_HOW TO COMPLETE THIS TASK:_ Examine the records and identify each line that includes the string "Reals". Copy those lines.

★ ★ ★ ★ ★

(* Let $h>0$, $n\in\mathbb{N}$, and let $\lambda:\mathbb{T}\to\mathbb{R}$ be an $n$-cycle with values $\lambda_0,\dots,\lambda_{n-1}\in\mathbb{R}\setminus\{\pm\tfrac1h\}$, such that $0<|e_{\lambda}(nh)|\neq1$ and $0<|e_{-\lambda}(nh)|\neq1$. Define for $t\in\mathbb{T}$ $$p(t)=-\lambda(t+2h),\quad q(t)=\Delta_h\lambda(t+h)-\lambda(t+h)\lambda(t+2h),$$ $$r(t)=\Delta_h^2\lambda(t)-\lambda(t+h)\Delta_h\lambda(t+h)-\bigl(\lambda(t+h)+\lambda(t+2h)\bigr)\Delta_h\lambda(t)+\lambda(t)\lambda(t+h)\lambda(t+2h).$$ Then the third-order equation $$\Delta_h^3y(t)+p(t)\Delta_h^2y(t)+q(t)\Delta_h y(t)+r(t)y(t)=0,\qquad t\in\mathbb{T},$$ has Hyers–Ulam stability on $\mathbb{T}$ with Hyers–Ulam stability constant $K=\bigl(K_0(\lambda)\bigr)^2K_0(-\lambda)$.
   Context: Fix $h>0$ and let $\mathbb{T}=\{0,h,2h,3h,\dots\}$. For $x:\mathbb{T}\to\mathbb{R}$, $\Delta_h x(t)=\frac{x(t+h)-x(t)}{h}$ and $\Delta_h^2x=\Delta_h(\Delta_h x)$, $\Delta_h^3x=\Delta_h(\Delta_h^2 x)$. An $n$-cycle is a function $\mu:\mathbb{T}\to\mathbb{R}$ with $\mu(t)=\mu_k$ whenever $t/h\equiv k\pmod n$, $k\in\{0,\dots,n-1\}$, which has period $n$ and no smaller period. For such $\mu$ define the discrete exponential $e_\mu(t)=\prod_{k=0}^{t/h-1}(1+h\mu(kh))$ (empty product $=1$), so $e_\mu(nh)=\prod_{k=0}^{n-1}(1+h\mu_k)$. For $k\in\{0,\dots,n-1\}$ define $$S_k(\mu)=\sum_{j=1}^{n}\prod_{i=0}^{j-1}\frac{1}{|1+h\mu_{(k+i)\bmod n}|},$$ (e.g. $S_0(\mu)=\frac{1}{|1+h\mu_0|}+\frac{1}{|1+h\mu_0||1+h\mu_1|}+\dots+\frac{1}{|1+h\mu_0|\cdots|1+h\mu_{n-1}|}$), and, when $0<|e_\mu(nh)|\neq1$, $$K_0(\mu)=\frac{h|e_\mu(nh)|}{\bigl|1-|e_\mu(nh)|\bigr|}\max\{S_0(\mu),\dots,S_{n-1}(\mu)\}.$$ Here $-\lambda$ denotes the $n$-cycle with values $-\lambda_0,\dots,-\lambda_{n-1}$. Hyers–Ulam stability: an equation $\mathcal{L}[y](t)=f(t)$, $t\in\mathbb{T}$ (with $\mathcal{L}$ a linear difference operator) has Hyers–Ulam stability on $\mathbb{T}$ with Hyers–Ulam stability constant $K>0$ if for every $\varepsilon>0$ and every $\xi:\mathbb{T}\to\mathbb{R}$ with $|\mathcal{L}[\xi](t)-f(t)|\le\varepsilon$ for all $t\in\mathbb{T}$, there is a solution $y:\mathbb{T}\to\mathbb{R}$ of the equation with $|\xi(t)-y(t)|\le K\varepsilon$ for all $t\in\mathbb{T}$. The minimum Hyers–Ulam stability constant is the smallest such $K$. *)

From Stdlib Require Import Reals Lra Lia.
Open Scope R_scope.

(* A function x : T -> R, T = {0,h,2h,...}, is represented by
   x : nat -> R with x k = value at t = k*h. *)

Definition dh (h : R) (x : nat -> R) : nat -> R :=
  fun k => (x (S k) - x k) / h.

Fixpoint prodR (m : nat) (f : nat -> R) : R :=
  match m with O => 1 | S m' => prodR m' f * f m' end.
Fixpoint sumR (m : nat) (f : nat -> R) : R :=
  match m with O => 0 | S m' => sumR m' f + f m' end.
Fixpoint maxR (m : nat) (f : nat -> R) : R :=
  match m with
  | O => 0
  | S O => f O
  | S m' => Rmax (maxR m' f) (f m')
  end.

Definition is_ncycle (n : nat) (mu : nat -> R) : Prop :=
  (0 < n)%nat /\
  (forall k, mu (k + n)%nat = mu k) /\
  (forall m, (0 < m < n)%nat -> ~ (forall k, mu (k + m)%nat = mu k)).

(* e_mu(t) at t = k h *)
Definition e_disc (h : R) (mu : nat -> R) (k : nat) : R :=
  prodR k (fun j => 1 + h * mu j).

Definition S_k (h : R) (n : nat) (mu : nat -> R) (k : nat) : R :=
  sumR n (fun j' => prodR (S j')
             (fun i => / Rabs (1 + h * mu ((k + i) mod n)%nat))).

Definition K0 (h : R) (n : nat) (mu : nat -> R) : R :=
  h * Rabs (e_disc h mu n) / Rabs (1 - Rabs (e_disc h mu n))
    * maxR n (S_k h n mu).

Definition negf (mu : nat -> R) : nat -> R := fun k => - mu k.

Definition HU_stable (L : (nat -> R) -> nat -> R) (K : R) : Prop :=
  0 < K /\
  forall eps : R, 0 < eps ->
  forall xi : nat -> R, (forall t, Rabs (L xi t) <= eps) ->
  exists y : nat -> R, (forall t, L y t = 0) /\
    (forall t, Rabs (xi t - y t) <= K * eps).

From Stdlib Require Import Reals Lra Lia FunctionalExtensionality.
Open Scope R_scope.

(* The operator L[y] = D^3 y + p D^2 y + q D y + r y factors as
   F_2 o F_1 o F_0 where F_s[y](k) = D y(k) - mu(k+s) y(k) with
   mu = -lam for s = 0 and mu = lam for s = 1, 2.  Each first-order
   equation F[y] = g is rewritten as the recurrence
   z(k+1) = a(k) z(k) + d(k) with a(k) = 1 + h mu(k+s).  Using the
   periodic weight T(k) = sum_j prod_{i<=j} 1/|a(k+i)|, which satisfies
   |a(k)| T(k) = 1 + T(k+1) - 1/|e_mu(nh)|, a perturbation |d| <= delta
   is absorbed by a solution |z(k)| <= delta |E|/|1-|E|| T(k): starting
   from z(0) = 0 when |E| < 1, and as the limit of backward sums when
   |E| > 1.  Bounding T(k) by max S_j gives first-order stability with
   constant K0(mu); chaining the three factors yields K0(lam)^2 K0(-lam). *)

Lemma prodR_ext m f g : (forall i, (i < m)%nat -> f i = g i) -> prodR m f = prodR m g.
Proof.
  induction m; simpl; intros H; auto.
  rewrite IHm by (intros; apply H; lia). rewrite H by lia. reflexivity.
Qed.

Lemma sumR_ext m f g : (forall i, (i < m)%nat -> f i = g i) -> sumR m f = sumR m g.
Proof.
  induction m; simpl; intros H; auto.
  rewrite IHm by (intros; apply H; lia). rewrite H by lia. reflexivity.
Qed.

Lemma prodR_Sl m f : prodR (S m) f = f 0%nat * prodR m (fun i => f (S i)).
Proof.
  induction m; [simpl; ring|].
  change (prodR (S (S m)) f) with (prodR (S m) f * f (S m)).
  rewrite IHm. simpl. ring.
Qed.

Lemma sumR_Sl m f : sumR (S m) f = f 0%nat + sumR m (fun i => f (S i)).
Proof.
  induction m; [simpl; ring|].
  change (sumR (S (S m)) f) with (sumR (S m) f + f (S m)).
  rewrite IHm. simpl. ring.
Qed.

Lemma sumR_scal m c f : sumR m (fun j => c * f j) = c * sumR m f.
Proof. induction m; simpl; [ring|]. rewrite IHm; ring. Qed.

Lemma prodR_add m p f : prodR (m + p) f = prodR m f * prodR p (fun i => f (m + i)%nat).
Proof.
  induction p; [rewrite Nat.add_0_r; simpl; ring|].
  rewrite Nat.add_succ_r. simpl. rewrite IHp. ring.
Qed.

Lemma prodR_inv_abs m f : prodR m (fun i => / Rabs (f i)) = / Rabs (prodR m f).
Proof.
  induction m; simpl; [rewrite Rabs_R1, Rinv_1; reflexivity|].
  rewrite IHm, Rabs_mult, Rinv_mult. reflexivity.
Qed.

Lemma prodR_nz m f : (forall i, f i <> 0) -> prodR m f <> 0.
Proof. intros H; induction m; simpl; [lra|]. apply Rmult_integral_contrapositive; auto. Qed.

Lemma prodR_pos m f : (forall i, 0 < f i) -> 0 < prodR m f.
Proof. intros H; induction m; simpl; [lra|]. apply Rmult_lt_0_compat; auto. Qed.

Lemma sumR_pos m f : (0 < m)%nat -> (forall i, 0 < f i) -> 0 < sumR m f.
Proof.
  intros Hm H; induction m; [lia|]. simpl. destruct m.
  - simpl. specialize (H 0%nat); lra.
  - specialize (IHm ltac:(lia)). specialize (H (S m)). lra.
Qed.

Lemma maxR_ge n f k : (k < n)%nat -> f k <= maxR n f.
Proof.
  induction n; intros Hk; [lia|].
  destruct n; [replace k with 0%nat by lia; simpl; lra|].
  change (maxR (S (S n)) f) with (Rmax (maxR (S n) f) (f (S n))).
  destruct (Nat.eq_dec k (S n)) as [->|Hne]; [apply Rmax_r|].
  eapply Rle_trans; [apply IHn; lia | apply Rmax_l].
Qed.

Section Periodic.
Variables (a : nat -> R) (n : nat).
Hypothesis Hper : forall k, a (k + n)%nat = a k.

Lemma periodic_mult q k : a (k + q * n)%nat = a k.
Proof.
  induction q; [rewrite Nat.mul_0_l, Nat.add_0_r; reflexivity|].
  replace (k + S q * n)%nat with (k + q * n + n)%nat by lia.
  rewrite Hper; auto.
Qed.

Lemma periodic_mod (Hn : (0 < n)%nat) k : a (k mod n) = a k.
Proof.
  rewrite <- (periodic_mult (k / n) (k mod n)). f_equal.
  pose proof (Nat.div_mod_eq k n). lia.
Qed.

Hypothesis Hnz : forall k, a k <> 0.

★ ★ ★ ★ ★

_OUTPUT OF THE TASK:_
From Stdlib Require Import Reals Lra Lia.
From Stdlib Require Import Reals Lra Lia FunctionalExtensionality.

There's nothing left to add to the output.